§ **DIRECTIONS FOR THIS TASK**
From the first line of the records below through the line containing "a * sk ^+ 2 <= h", copy everything exactly and nothing more.
** EXERCISE MATERIALS follows **
(* With [g = G_11], [h = G_kk], [a = G_k1], [b = G_1k], [s0 ^+ 2 = nu_1],
   [sk ^+ 2 = nu_k] and [sk + D = sqrt mu_k], the left-hand side of the
   conclusion is [x_t k * y_t k]. *)
Lemma shifted_product_lt (R : realDomainType) (g h a b t s0 sk D : R) :
  0 < g -> 0 <= a <= g -> 0 <= b <= h -> g <= h * g - a * b ->
  a * sk ^+ 2 <= h * s0 ^+ 2 -> b * s0 ^+ 2 <= g * sk ^+ 2 ->
  0 <= t -> 0 <= sk -> 0 < D -> h * g * s0 ^+ 2 * t ^+ 2 <= D ^+ 2 ->
  (1 + t * a) * (sk ^+ 2 + s0 ^+ 2 * t * b) < (sk + D) ^+ 2.
Proof.
move=> g_gt0 /andP[a_ge0 ag] /andP[b_ge0 bh] abgh ask bsk t_ge0 sk_ge0 D_gt0 hD.
have h_ge0 : 0 <= h by apply: le_trans bh.
have cross_sq : (a * sk ^+ 2 + b * s0 ^+ 2) ^+ 2 <= 4 * (g * sk ^+ 2 * (h * s0 ^+ 2)).
  have := sqr_ge0 sk; have := sqr_ge0 s0 => s02 sk2.
  by apply: sqr_addr_le4M => //;
    [exact: mulr_ge0 | exact: mulr_ge0 | rewrite ler_wpM2r | rewrite ler_wpM2r].
have cross : t * (a * sk ^+ 2 + b * s0 ^+ 2) <= 2 * sk * D.
  have pq_ge0 : 0 <= a * sk ^+ 2 + b * s0 ^+ 2.
    by rewrite addr_ge0 // mulr_ge0 ?sqr_ge0.
  rewrite -(ler_pXn2r (n := 2)) ?nnegrE ?mulr_ge0 ?(ltW D_gt0) //.
  have := ler_wpM2l (sqr_ge0 t) cross_sq; have := ler_wpM2l (sqr_ge0 sk) hD.
  rewrite !exprMn; nra.
have quad : t ^+ 2 * a * b * s0 ^+ 2 < D ^+ 2.
  have -> : t ^+ 2 * a * b * s0 ^+ 2 = (t * s0) ^+ 2 * (a * b) by ring.
  have [->|ts0] := eqVneq (t * s0) 0; first by rewrite expr0n /= mul0r exprn_gt0.
  apply: lt_le_trans hD.
  have ts0_gt0 : 0 < (t * s0) ^+ 2 by rewrite lt_def sqrf_eq0 ts0 sqr_ge0.
  have -> : h * g * s0 ^+ 2 * t ^+ 2 = (t * s0) ^+ 2 * (h * g) by ring.
  by rewrite ltr_pM2l //; lra.
nra.
Qed.

Section Perturbation.
Variables (R : realType) (n : nat) (lam mu nu : 'I_n.+1 -> R) (P : 'M[R]_n.+1).
Hypotheses (hlam : forall i, 0 <= lam i) (hmu : forall i, 0 < mu i)
  (hPpos : forall i j, 0 <= P i j) (hProw : forall i, \sum_j P i j <= 1)
  (hA : jackson_irreducible lam mu P)
  (hnu : forall j, nu j = lam j + \sum_i nu i * P i j)
  (hB : forall i, nu i < mu i).

(* Queue 1 of the paper. *)
Local Notation o := (ord0 : 'I_n.+1).
Local Notation G := (Gmx P).

Let G_ge0 := Gmx_ge0 hA hPpos hProw.
Let Gdiag_gt0 k : 0 < G k k := lt_le_trans ltr01 (Gmx_diag_ge1 hA hPpos hProw k).
Let nu_pos := nu_gt0 hA hPpos hProw hnu hlam.

Definition xt (t : R) k := 1 + t * G k o.
Definition yt (t : R) k := nu k + nu o * t * G o k.

Lemma xt_mean t m : \sum_j P m j * xt t j + p0 P m = xt t m - t * (m == o)%:R.
Proof.
have -> : \sum_j P m j * xt t j = \sum_j P m j + t * \sum_j P m j * G j o.
  by rewrite mulr_sumr -big_split; apply: eq_bigr => j _ /=; rewrite /xt; ring.
by rewrite /xt (Gmx_fixl hA hPpos hProw m o) /p0; ring.
Qed.

Lemma yt_inflow t m : \sum_i yt t i * P i m + lam m = yt t m - nu o * t * (o == m)%:R.
Proof.
have -> : \sum_i yt t i * P i m = \sum_i nu i * P i m + nu o * t * \sum_i G o i * P i m.
  by rewrite mulr_sumr -big_split; apply: eq_bigr => i _ /=; rewrite /yt; ring.
by rewrite /yt (Gmx_fixr hA hPpos hProw o m) [nu m]hnu; ring.
Qed.

Lemma balanced_xt_yt t : balanced lam P (xt t) (yt t).
Proof.
move=> m; rewrite yt_inflow xt_mean.
have [->|_] := eqVneq m o; last by rewrite !mulr0 !subr0 mulrC.
by rewrite /xt /yt; ring.
Qed.

Lemma xt_gt0 t k : 0 <= t -> 0 < xt t k.
Proof.
by move=> t_ge0; rewrite /xt ltr_pwDl // mulr_ge0 // G_ge0.
Qed.

Lemma yt_ge0 t k : 0 <= t -> 0 <= yt t k.
Proof.
move=> t_ge0; have nu_ge0 j := ltW (nu_pos j).
by rewrite /yt addr_ge0 ?mulr_ge0 ?G_ge0.
Qed.

Lemma Jset_xt t k : 0 <= t -> k != o -> Jset P (fun j => ln (xt t j)) k.
Proof.
move=> t_ge0 /negbTE ko; apply: Jset_ln => [j|]; first exact: xt_gt0.
by rewrite xt_mean ko mulr0 subr0.
Qed.

Lemma Jset_xt0 k : Jset P (fun j => ln (xt 0 j)) k.
Proof.
apply: Jset_ln => [j|]; first exact: xt_gt0.
by rewrite xt_mean mul0r subr0.
Qed.

Definition tmax : R := (Num.sqrt (mu o) - Num.sqrt (nu o)) / (Num.sqrt (nu o) * G o o).

Lemma tmax_ge0 : 0 <= tmax.
Proof.
rewrite /tmax divr_ge0 ?mulr_ge0 ?sqrtr_ge0 ?G_ge0 // subr_ge0.
by rewrite ler_sqrt ?ltW.
Qed.

Lemma gap_tmax : gap mu nu P o = G o o * nu o * tmax ^+ 2.
Proof.
rewrite /gap /tmax; set s : R := Num.sqrt (nu o).
have s_gt0 : 0 < s by rewrite sqrtr_gt0.
have -> : nu o = s ^+ 2 by rewrite sqr_sqrtr // ltW.
by field; rewrite !gt_eqF.
Qed.

Lemma xt_yt_tmax : xt tmax o * yt tmax o = mu o.
Proof.
rewrite /xt /yt /tmax; set s : R := Num.sqrt (nu o); set m : R := Num.sqrt (mu o).
have s_gt0 : 0 < s by rewrite sqrtr_gt0.
have -> : mu o = m ^+ 2 by rewrite sqr_sqrtr // ltW.
have -> : nu o = s ^+ 2 by rewrite sqr_sqrtr // ltW.
by field; rewrite !gt_eqF.
Qed.

Hypothesis hmin : forall i, gap mu nu P o <= gap mu nu P i.

Lemma xt_yt_lt t k : k != o -> 0 <= t <= tmax -> xt t k * yt t k < mu k.
Proof.
move=> ko /andP[t_ge0 t_le].
have nu_ge0 j := ltW (nu_pos j).
have G_le_diag := Gmx_le_diag hA hPpos hProw.
have G_nu_le := Gmx_nu_le hA hPpos hProw hnu hlam.
set s : R := Num.sqrt (nu o).
set sk : R := Num.sqrt (nu k); set D : R := Num.sqrt (mu k) - sk.
have nuk : nu k = sk ^+ 2 by rewrite sqr_sqrtr.
have nuo : nu o = s ^+ 2 by rewrite sqr_sqrtr.
have muk : mu k = (sk + D) ^+ 2 by rewrite addrC subrK sqr_sqrtr // ltW.
have D_gt0 : 0 < D by rewrite subr_gt0 ltr_sqrt.
rewrite /xt /yt nuk nuo muk; apply: (@shifted_product_lt _ (G o o) (G k k)) => //.
- by rewrite G_ge0 G_le_diag.
- by rewrite G_ge0 G_le_diag.
- by rewrite [G k k * _]mulrC (Gmx_minor_ge_diag hA hPpos hProw).
- by rewrite -nuk -nuo G_nu_le.
- by rewrite -nuk -nuo G_nu_le.
- exact: sqrtr_ge0.
have := hmin k; rewrite gap_tmax /gap -/sk -/D ler_pdivlMr ?Gdiag_gt0 // nuo.
apply: le_trans.
have hgs_ge0 := mulr_ge0 (mulr_ge0 (G_ge0 k k) (G_ge0 o o)) (sqr_ge0 s).
have t2 : t ^+ 2 <= tmax ^+ 2 by rewrite ler_pXn2r ?nnegrE // (le_trans t_ge0).
have := ler_wpM2l hgs_ge0 t2; nra.
Qed.

Lemma Rfun_xt_lt t a i : Bset P o a -> i != o -> ~ Jset P a i -> 0 <= t <= tmax ->
  xt t o * yt t o = mu o \/ (Jset P a o /\ t = 0) ->
  Rfun lam mu P (fun k => ln (xt t k)) < Rfun lam mu P a.
Proof.
move=> Ba io nJi t_range at_o; have /andP[t_ge0 _] := t_range.
apply: (Rfun_ln_lt hlam hPpos hProw) (xt_yt_lt io t_range) _ => //.
- by move=> k; apply: xt_gt0.
- by move=> k; apply: yt_ge0.
- exact: balanced_xt_yt.
- move=> k; have [->|ko] := eqVneq k o; last first.
    right; split; [exact: xt_yt_lt | exact: Bdefect_ge0 (Ba k ko)
                  | exact: Bdefect_eq0 (Jset_xt t_ge0 ko)].
  case: at_o => [|[Jo t0]]; [by left | right; subst t].
  split; [by rewrite /xt /yt !(mul0r, mulr0, addr0) mul1r hB | by rewrite Bdefect_eq0
         | exact: Bdefect_eq0 (Jset_xt0 o)].
- by move/Bdefect_gt0: (Ba i io); apply.
Qed.

End Perturbation.

Theorem lemma8p1 (R : realType) (n : nat) (lam mu nu : 'I_n.+1 -> R)
  (P : 'M[R]_n.+1)
  (hlam : forall i, 0 <= lam i) (hmu : forall i, 0 < mu i)
  (hPpos : forall i j, 0 <= P i j) (hPdiag : forall i, P i i = 0)
  (hProw : forall i, \sum_j P i j <= 1)
  (hA : jackson_irreducible lam mu P)
  (hnu : forall j, nu j = lam j + \sum_i nu i * P i j)
  (hB : forall i, nu i < mu i)
  (hmin : forall i, gap mu nu P ord0 <= gap mu nu P i)
  (a : 'I_n.+1 -> R) (ha : Bset P ord0 a) :
  forall i : 'I_n.+1, i != ord0 -> ~ Jset P a i ->
    exists a' : 'I_n.+1 -> R,
      [/\ Bset P ord0 a',
          (forall k, Jset P a k \/ k = i -> Jset P a' k) &
          Rfun lam mu P a' < Num.max (Rfun lam mu P a) (- gap mu nu P i)].
Proof.
move=> i io nJi.
have descent := Rfun_xt_lt hlam hmu hPpos hProw hA hnu hB hmin ha io nJi.
have tmax_ge0 := tmax_ge0 hmu hPpos hProw hA hB.
have [Jo|nJo] := eqVneq (expR (a ord0)) (\sum_j P ord0 j * expR (a j) + p0 P ord0).
  have Jxt := Jset_xt0 hPpos hProw hA.
  exists (fun k => ln (xt P 0 k)); split=> [k _|k _|]; first by rewrite [leLHS]Jxt.
    exact: Jxt.
  by rewrite lt_max; apply/orP; left; apply: descent; rewrite ?lexx ?tmax_ge0 //; right.
have Jxt k := Jset_xt hPpos hProw hA (t := tmax mu nu P) (k := k) tmax_ge0.
exists (fun k => ln (xt P (tmax mu nu P) k)); split=> [k ko|k Jk|].
- by rewrite [leLHS](Jxt k ko).
- apply: Jxt; case: Jk => [Jk|->] //; apply: contraNneq nJo => ko.
  by rewrite -ko Jk.
- rewrite lt_max; apply/orP; left; apply: descent; first by rewrite tmax_ge0 lexx.
  by left; exact: xt_yt_tmax.
Qed.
** End of EXERCISE MATERIALS **
§ **YOUR RESPONSE**
(* With [g = G_11], [h = G_kk], [a = G_k1], [b = G_1k], [s0 ^+ 2 = nu_1],
   [sk ^+ 2 = nu_k] and [sk + D = sqrt mu_k], the left-hand side of the
   conclusion is [x_t k * y_t k]. *)
Lemma shifted_product_lt (R : realDomainType) (g h a b t s0 sk D : R) :
  0 < g -> 0 <= a <= g -> 0 <= b <= h -> g <= h * g - a * b ->
  a * sk ^+ 2 <= h * s0 ^+ 2 -> b * s0 ^+ 2 <= g * sk ^+ 2 ->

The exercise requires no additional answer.